Da heutzutage auf den PG WinCCflex incl. SQL-Server vorhanden ist, läßt sich die Express-Edition nicht mehr installieren.

Jemand eine Lösung parat?

Wozu braucht man eigentlich zur Verwaltung einiger simpler Prüfprotokolle eine Datenbankmaschine wie den SQL-Server?
Und wenn Microsoft die Express-Edition schon unters Volk wirft, warum laufen darauf basierende Anwendungen nicht auf höherwertigen Varianten der gleichen Software?


----------



## Ralle (20 Mai 2008)

Ich weiß, das ist jetzt wenig Trost, aber du hast ja sicher gelesen, daß WinCC auch ein Problem mit dem SP3 von XP hat. Hast du mal probiert, WinCCFlex zu deinstallieren (somit hoffentlich auch den zugehörigen SQL-Server), dann den Express-SQL und dann wieder WinCCFlex?


----------



## vierlagig (20 Mai 2008)

also ich habe winccflex 2005 und sql express 2005 parallel installiert. winccflex war eher da. kann mich an keine probleme bei der installation erinnern


----------



## PeterEF (21 Mai 2008)

Die testweise Installation von Express-Server nur für sich klappt auch und er beeinträchtigt WinCCflex auch nicht (funktioniert jedenfalls genauso schlecht wie vorher auch...).

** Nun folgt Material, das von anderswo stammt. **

Lemma atom_lt (k k' : nat) (x x' : R) :
  (k < k')%N -> atom n k x -> atom n k' x' -> x < x'.
Proof.
move=> kk' /atomP h /atomP h'; have n0 := n_gt0R.
suff : x * (2 * n%:R) < x' * (2 * n%:R) by rewrite ltr_pM2r ?mulr_gt0.
have k1 : (k%:R + 1 : R) <= k'%:R by rewrite natr1 ler_nat.
move: h h'; case ok: (odd k); case ok': (odd k').
- have k2 : (k.+2%:R : R) <= k'%:R.
    rewrite ler_nat ltn_neqAle kk' andbT.
    by apply/negP => /eqP e; move: ok'; rewrite -e /= ok.
  rewrite -!natr1 in k2.
  by move=> /andP[h1 h2] /andP[h3 h4]; lra.
- by move=> /andP[h1 h2] /eqP h3; lra.
- by move=> /eqP h1 /andP[h3 h4]; lra.
- by move=> /eqP h1 /eqP h3; lra.
Qed.

Lemma atom_inj (k k' : nat) (x : R) : atom n k x -> atom n k' x -> k = k'.
Proof.
move=> h h'; case: (ltngtP k k') => // e.
- by have := atom_lt e h h'; rewrite ltxx.
- by have := atom_lt e h' h; rewrite ltxx.
Qed.

Lemma atom_sub01 (k : nat) : (k < N)%N -> @atom R n k `<=` `[0, 1].
Proof.
move=> kN x /atomP h; rewrite /= in_itv /=; have n0 := n_gt0R.
have k2 : (k%:R : R) <= 2 * n%:R by rewrite -natrM ler_nat -ltnS.
suff : 0 <= x * (2 * n%:R) <= 1 * (2 * n%:R).
  by move=> /andP[a b]; apply/andP; split; nra.
move: h; case ok: (odd k).
- have k3 : (k%:R + 1 : R) <= 2 * n%:R.
    rewrite natr1 -natrM ler_nat ltn_neqAle -ltnS kN andbT.
    by apply/negP => /eqP e; move: ok; rewrite e oddM.
  have k1 : (1 : R) <= k%:R by rewrite ler1n; case: k ok {kN k2 k3}.
  by move=> /andP[h1 h2]; apply/andP; split; lra.
- by move=> /eqP ->; rewrite ler0n /=; lra.
Qed.

Definition atom_center (k : nat) : R := k%:R / (2 * n%:R).

Lemma atom_center_in (k : nat) : atom n k (atom_center k).
Proof.
have n0 := n_gt0R; apply/atomP; have -> : atom_center k * (2 * n%:R) = k%:R.
  by rewrite /atom_center; field; lra.
by case: (odd k) => //; apply/andP; split; lra.
Qed.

Die Installation mit dem notwendigen Installer (der richtet ja neben dem Server denke ich auch Zugänge mit User/PWD und die eigentliche Datenbank ein) schlägt aber auf allen Rechner fehl, wo schon SQL-Server läuft.


----------



## vierlagig (21 Mai 2008)

PeterEF schrieb:


> wo schon SQL-Server läuft.



schon mal den dienst gestoppt und probiert?


----------



## PeterEF (21 Mai 2008)

vierlagig schrieb:


> schon mal den dienst gestoppt und probiert?


Ja, selbstverständlich....


----------